Work request: From the entries below, copy exactly the lines from the one that contains "flatten [seq qscale" through the one that contains "have /and5P[_ _", both included, and only those.

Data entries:
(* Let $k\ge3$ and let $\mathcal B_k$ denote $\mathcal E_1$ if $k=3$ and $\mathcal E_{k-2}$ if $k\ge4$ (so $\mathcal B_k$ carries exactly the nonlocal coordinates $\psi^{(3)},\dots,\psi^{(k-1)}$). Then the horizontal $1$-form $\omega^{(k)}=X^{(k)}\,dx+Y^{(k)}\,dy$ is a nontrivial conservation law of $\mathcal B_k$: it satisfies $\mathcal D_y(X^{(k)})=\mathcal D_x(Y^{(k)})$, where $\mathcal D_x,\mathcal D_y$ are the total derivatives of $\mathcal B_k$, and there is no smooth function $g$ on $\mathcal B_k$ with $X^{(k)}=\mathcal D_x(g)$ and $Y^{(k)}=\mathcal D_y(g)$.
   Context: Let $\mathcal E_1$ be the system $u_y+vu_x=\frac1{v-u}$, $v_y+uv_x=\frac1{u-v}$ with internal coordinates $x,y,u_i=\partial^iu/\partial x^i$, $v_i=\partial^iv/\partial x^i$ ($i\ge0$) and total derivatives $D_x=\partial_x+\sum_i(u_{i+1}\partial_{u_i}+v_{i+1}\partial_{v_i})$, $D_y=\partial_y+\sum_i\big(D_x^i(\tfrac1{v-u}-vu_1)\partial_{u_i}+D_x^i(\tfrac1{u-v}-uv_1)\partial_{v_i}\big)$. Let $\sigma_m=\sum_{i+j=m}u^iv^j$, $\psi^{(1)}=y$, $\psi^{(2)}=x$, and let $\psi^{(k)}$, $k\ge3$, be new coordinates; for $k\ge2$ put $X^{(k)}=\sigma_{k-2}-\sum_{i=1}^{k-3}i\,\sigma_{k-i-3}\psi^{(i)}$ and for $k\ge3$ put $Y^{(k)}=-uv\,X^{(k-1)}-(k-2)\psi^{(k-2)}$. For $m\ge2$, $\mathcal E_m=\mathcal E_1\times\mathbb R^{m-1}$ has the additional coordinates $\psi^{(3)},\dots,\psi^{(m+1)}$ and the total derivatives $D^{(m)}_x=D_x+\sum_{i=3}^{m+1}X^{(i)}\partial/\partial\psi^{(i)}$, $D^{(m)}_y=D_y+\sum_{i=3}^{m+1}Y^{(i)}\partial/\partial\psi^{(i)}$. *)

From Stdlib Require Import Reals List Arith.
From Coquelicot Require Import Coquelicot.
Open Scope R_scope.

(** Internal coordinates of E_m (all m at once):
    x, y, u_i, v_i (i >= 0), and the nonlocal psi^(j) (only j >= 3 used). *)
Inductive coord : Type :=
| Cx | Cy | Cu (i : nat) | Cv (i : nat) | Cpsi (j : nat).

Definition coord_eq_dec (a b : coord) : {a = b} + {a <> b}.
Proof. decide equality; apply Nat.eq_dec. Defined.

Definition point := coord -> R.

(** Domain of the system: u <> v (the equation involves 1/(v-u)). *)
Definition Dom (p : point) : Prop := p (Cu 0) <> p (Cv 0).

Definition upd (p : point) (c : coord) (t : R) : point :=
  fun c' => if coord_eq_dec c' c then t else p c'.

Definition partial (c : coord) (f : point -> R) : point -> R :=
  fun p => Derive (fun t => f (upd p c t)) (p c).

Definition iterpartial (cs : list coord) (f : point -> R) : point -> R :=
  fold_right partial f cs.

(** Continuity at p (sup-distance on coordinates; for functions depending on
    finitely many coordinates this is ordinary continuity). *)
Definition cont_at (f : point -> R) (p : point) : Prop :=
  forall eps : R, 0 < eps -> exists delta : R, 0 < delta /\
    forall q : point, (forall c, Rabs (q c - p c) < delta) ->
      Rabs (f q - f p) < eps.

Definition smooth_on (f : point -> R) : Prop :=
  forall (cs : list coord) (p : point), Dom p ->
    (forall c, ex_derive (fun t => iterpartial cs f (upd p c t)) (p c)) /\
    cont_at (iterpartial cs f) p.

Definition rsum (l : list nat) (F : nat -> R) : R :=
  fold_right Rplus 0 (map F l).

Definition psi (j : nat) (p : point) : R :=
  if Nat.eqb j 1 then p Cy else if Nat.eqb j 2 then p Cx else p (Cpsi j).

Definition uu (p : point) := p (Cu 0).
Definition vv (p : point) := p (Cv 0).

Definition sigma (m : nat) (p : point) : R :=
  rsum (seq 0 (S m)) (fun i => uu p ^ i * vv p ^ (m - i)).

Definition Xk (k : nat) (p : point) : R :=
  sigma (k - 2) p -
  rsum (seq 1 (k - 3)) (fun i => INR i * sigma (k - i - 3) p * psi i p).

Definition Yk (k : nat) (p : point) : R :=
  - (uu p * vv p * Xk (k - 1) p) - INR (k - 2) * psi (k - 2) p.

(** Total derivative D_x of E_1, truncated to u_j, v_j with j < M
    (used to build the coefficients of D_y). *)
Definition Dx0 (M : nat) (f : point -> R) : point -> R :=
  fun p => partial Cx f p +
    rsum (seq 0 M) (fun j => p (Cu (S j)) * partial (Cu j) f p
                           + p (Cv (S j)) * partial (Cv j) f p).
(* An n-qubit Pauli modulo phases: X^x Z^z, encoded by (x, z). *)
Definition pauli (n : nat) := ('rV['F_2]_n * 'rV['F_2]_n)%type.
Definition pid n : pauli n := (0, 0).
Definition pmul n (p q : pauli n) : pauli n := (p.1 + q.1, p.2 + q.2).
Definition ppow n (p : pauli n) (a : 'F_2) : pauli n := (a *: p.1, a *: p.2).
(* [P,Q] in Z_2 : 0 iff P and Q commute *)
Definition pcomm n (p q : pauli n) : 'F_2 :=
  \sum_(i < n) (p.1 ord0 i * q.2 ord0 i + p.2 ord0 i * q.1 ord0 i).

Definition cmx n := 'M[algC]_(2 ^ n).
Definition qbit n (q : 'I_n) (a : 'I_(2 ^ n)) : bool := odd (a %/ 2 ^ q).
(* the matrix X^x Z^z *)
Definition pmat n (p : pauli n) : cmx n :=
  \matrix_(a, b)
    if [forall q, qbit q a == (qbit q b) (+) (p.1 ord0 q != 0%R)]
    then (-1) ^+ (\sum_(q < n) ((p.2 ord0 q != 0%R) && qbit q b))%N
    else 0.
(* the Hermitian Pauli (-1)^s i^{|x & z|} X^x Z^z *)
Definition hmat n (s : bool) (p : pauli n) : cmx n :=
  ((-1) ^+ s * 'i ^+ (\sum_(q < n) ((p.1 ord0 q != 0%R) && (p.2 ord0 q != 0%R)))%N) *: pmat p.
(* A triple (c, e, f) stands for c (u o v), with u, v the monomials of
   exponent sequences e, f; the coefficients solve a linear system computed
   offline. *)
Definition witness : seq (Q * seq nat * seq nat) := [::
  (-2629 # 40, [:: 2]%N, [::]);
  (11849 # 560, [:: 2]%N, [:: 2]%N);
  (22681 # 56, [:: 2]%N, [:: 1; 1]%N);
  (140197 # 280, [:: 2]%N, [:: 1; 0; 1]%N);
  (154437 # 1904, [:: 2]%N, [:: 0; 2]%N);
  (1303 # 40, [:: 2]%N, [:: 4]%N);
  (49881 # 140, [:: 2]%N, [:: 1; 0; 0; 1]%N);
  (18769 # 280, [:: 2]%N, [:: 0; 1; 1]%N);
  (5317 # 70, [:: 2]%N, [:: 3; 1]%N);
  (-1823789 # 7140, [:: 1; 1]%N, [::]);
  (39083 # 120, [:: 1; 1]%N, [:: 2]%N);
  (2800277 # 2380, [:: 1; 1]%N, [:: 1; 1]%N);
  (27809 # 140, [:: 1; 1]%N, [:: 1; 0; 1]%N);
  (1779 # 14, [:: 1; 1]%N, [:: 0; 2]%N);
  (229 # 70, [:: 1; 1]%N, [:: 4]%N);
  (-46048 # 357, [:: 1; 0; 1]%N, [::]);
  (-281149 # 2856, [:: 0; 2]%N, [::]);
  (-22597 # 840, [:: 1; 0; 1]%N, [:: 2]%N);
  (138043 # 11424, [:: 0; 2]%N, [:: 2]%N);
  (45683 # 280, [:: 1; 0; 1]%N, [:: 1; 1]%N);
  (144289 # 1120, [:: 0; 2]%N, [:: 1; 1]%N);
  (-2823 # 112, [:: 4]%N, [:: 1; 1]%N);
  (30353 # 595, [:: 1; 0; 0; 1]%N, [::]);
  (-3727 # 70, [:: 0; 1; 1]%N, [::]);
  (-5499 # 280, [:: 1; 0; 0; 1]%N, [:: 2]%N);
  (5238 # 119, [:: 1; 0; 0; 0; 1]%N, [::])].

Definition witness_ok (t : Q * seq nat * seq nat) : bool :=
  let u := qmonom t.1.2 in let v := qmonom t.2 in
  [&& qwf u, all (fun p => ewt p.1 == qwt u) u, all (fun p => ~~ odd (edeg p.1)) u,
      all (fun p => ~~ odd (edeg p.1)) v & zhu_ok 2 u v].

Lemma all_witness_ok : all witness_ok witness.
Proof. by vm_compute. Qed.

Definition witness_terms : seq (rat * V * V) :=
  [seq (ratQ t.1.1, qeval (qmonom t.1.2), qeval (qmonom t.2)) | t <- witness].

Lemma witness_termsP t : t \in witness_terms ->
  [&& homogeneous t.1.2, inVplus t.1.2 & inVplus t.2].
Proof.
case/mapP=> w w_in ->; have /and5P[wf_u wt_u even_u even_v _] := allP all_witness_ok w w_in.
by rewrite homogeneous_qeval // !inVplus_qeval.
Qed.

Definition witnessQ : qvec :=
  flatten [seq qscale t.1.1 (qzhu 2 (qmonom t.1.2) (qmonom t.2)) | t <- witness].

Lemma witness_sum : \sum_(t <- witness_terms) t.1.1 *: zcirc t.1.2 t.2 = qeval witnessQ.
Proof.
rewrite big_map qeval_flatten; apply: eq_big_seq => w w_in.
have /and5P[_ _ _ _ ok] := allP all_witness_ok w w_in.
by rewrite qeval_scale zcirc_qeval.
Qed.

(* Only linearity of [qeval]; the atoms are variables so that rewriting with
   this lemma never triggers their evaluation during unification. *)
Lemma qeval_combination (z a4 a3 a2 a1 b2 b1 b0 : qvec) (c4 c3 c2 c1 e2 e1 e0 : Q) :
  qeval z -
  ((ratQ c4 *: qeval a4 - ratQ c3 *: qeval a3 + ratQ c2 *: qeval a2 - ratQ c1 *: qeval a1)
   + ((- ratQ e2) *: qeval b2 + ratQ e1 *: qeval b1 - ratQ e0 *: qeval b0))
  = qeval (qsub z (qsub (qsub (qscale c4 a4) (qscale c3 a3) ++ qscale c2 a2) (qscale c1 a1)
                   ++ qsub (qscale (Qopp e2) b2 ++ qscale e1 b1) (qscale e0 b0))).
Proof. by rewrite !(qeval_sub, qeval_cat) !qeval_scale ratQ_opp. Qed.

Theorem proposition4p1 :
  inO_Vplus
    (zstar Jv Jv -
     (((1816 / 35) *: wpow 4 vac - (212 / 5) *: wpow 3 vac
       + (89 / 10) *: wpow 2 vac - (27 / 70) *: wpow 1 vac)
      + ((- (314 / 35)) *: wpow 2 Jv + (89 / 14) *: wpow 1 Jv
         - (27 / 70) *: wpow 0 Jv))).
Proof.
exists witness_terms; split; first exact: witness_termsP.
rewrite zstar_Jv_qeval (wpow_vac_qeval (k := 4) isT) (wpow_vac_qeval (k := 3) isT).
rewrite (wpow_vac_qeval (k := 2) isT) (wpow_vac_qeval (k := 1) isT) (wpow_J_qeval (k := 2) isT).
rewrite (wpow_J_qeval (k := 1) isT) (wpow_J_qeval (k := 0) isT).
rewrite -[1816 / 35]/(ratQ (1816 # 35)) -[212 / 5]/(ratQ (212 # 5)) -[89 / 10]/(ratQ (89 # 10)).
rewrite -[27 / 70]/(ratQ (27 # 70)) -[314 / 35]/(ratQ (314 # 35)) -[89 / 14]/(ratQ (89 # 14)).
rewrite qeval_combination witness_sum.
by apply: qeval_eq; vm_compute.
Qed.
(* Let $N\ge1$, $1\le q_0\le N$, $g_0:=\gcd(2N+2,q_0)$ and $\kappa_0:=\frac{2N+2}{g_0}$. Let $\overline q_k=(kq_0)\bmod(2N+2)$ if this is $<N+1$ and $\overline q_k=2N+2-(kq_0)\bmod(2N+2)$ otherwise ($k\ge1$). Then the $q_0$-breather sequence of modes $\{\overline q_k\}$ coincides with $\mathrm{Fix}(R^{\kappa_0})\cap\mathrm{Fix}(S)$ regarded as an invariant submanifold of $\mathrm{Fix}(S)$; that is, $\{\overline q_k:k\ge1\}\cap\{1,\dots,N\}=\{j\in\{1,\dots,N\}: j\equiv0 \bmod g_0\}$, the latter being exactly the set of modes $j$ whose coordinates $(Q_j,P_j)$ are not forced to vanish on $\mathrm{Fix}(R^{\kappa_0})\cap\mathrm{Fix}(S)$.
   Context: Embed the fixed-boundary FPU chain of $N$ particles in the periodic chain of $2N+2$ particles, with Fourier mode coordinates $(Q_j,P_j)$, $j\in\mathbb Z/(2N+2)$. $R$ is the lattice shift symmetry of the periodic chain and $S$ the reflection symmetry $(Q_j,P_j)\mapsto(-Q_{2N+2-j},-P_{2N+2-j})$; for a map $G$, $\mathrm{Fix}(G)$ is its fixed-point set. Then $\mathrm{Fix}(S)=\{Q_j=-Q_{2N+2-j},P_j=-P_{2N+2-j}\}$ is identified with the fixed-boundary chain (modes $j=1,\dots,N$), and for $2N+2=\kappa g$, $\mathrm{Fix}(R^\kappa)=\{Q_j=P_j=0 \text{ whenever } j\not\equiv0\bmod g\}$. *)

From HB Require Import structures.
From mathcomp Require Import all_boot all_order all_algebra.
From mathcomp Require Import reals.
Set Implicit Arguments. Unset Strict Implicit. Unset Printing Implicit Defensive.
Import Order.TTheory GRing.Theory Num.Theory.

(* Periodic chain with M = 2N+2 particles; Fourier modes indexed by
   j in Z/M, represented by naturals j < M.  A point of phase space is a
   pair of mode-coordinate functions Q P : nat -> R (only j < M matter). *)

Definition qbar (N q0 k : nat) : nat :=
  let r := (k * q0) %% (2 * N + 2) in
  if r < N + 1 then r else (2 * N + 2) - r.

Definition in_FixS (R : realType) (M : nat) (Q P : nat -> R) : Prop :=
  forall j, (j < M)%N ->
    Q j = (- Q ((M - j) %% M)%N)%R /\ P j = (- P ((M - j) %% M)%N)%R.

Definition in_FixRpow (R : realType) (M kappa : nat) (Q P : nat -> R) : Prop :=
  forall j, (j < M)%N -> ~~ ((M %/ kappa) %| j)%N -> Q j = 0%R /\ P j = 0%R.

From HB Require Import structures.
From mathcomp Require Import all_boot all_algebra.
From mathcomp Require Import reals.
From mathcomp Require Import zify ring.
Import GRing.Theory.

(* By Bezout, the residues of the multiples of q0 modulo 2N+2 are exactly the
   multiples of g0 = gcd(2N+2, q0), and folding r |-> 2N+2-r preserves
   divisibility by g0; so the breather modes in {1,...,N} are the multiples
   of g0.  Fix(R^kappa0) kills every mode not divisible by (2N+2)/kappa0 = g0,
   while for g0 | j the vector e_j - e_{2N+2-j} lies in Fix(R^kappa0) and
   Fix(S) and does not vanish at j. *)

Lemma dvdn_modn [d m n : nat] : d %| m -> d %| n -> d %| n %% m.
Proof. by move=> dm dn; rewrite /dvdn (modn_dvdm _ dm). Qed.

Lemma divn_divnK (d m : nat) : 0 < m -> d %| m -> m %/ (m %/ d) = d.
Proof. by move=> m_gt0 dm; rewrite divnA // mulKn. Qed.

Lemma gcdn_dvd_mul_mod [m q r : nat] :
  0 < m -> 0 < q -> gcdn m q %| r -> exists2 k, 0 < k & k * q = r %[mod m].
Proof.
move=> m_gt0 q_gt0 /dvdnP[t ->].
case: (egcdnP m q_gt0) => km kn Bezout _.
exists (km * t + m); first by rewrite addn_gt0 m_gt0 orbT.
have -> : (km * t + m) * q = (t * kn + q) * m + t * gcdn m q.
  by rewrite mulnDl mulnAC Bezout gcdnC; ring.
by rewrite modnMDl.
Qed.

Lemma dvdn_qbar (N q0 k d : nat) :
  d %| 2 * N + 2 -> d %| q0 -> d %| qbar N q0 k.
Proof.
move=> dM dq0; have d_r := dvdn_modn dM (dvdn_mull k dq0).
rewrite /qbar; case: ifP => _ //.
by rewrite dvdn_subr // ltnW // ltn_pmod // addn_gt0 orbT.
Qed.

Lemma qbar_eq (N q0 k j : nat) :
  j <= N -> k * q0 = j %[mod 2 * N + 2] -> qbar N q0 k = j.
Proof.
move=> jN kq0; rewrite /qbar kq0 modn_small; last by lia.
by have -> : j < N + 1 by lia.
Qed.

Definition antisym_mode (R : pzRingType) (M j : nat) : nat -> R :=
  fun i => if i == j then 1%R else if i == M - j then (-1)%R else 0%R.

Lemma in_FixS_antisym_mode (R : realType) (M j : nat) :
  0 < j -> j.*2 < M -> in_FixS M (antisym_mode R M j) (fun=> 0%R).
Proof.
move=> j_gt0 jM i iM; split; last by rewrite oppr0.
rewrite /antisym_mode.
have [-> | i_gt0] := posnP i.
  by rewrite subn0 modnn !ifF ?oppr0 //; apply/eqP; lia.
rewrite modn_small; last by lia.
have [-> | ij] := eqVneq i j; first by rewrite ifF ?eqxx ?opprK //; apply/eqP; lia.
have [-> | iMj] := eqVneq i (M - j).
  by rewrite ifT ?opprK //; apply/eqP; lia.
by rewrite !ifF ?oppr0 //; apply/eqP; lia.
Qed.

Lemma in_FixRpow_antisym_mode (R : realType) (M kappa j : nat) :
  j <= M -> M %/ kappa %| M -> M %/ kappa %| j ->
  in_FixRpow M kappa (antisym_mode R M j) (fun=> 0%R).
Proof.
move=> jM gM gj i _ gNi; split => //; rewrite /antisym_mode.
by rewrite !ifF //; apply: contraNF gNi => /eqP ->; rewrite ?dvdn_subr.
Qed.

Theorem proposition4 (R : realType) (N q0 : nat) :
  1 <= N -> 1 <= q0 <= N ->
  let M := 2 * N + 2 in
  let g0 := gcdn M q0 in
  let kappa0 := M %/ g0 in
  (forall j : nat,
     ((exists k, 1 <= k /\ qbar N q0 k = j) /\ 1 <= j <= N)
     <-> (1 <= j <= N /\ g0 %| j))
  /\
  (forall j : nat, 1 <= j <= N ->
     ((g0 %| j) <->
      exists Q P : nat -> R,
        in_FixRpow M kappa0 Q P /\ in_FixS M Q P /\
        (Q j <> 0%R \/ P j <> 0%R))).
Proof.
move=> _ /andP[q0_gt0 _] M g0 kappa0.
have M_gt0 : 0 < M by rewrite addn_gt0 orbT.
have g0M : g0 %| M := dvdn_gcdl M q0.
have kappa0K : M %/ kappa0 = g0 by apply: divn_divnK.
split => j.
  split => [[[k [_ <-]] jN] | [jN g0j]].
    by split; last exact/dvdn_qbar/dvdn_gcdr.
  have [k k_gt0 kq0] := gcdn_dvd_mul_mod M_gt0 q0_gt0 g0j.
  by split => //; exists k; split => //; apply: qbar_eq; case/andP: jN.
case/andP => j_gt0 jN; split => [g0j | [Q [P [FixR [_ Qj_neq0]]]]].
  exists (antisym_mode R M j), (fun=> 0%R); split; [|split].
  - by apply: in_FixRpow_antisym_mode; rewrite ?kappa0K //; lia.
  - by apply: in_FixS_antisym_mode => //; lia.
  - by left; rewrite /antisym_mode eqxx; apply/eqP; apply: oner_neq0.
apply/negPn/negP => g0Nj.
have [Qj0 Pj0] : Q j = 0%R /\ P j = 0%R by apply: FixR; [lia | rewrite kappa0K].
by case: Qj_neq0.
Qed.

Answer area:
  flatten [seq qscale t.1.1 (qzhu 2 (qmonom t.1.2) (qmonom t.2)) | t <- witness].

Lemma witness_sum : \sum_(t <- witness_terms) t.1.1 *: zcirc t.1.2 t.2 = qeval witnessQ.
Proof.
rewrite big_map qeval_flatten; apply: eq_big_seq => w w_in.
have /and5P[_ _ _ _ ok] := allP all_witness_ok w w_in.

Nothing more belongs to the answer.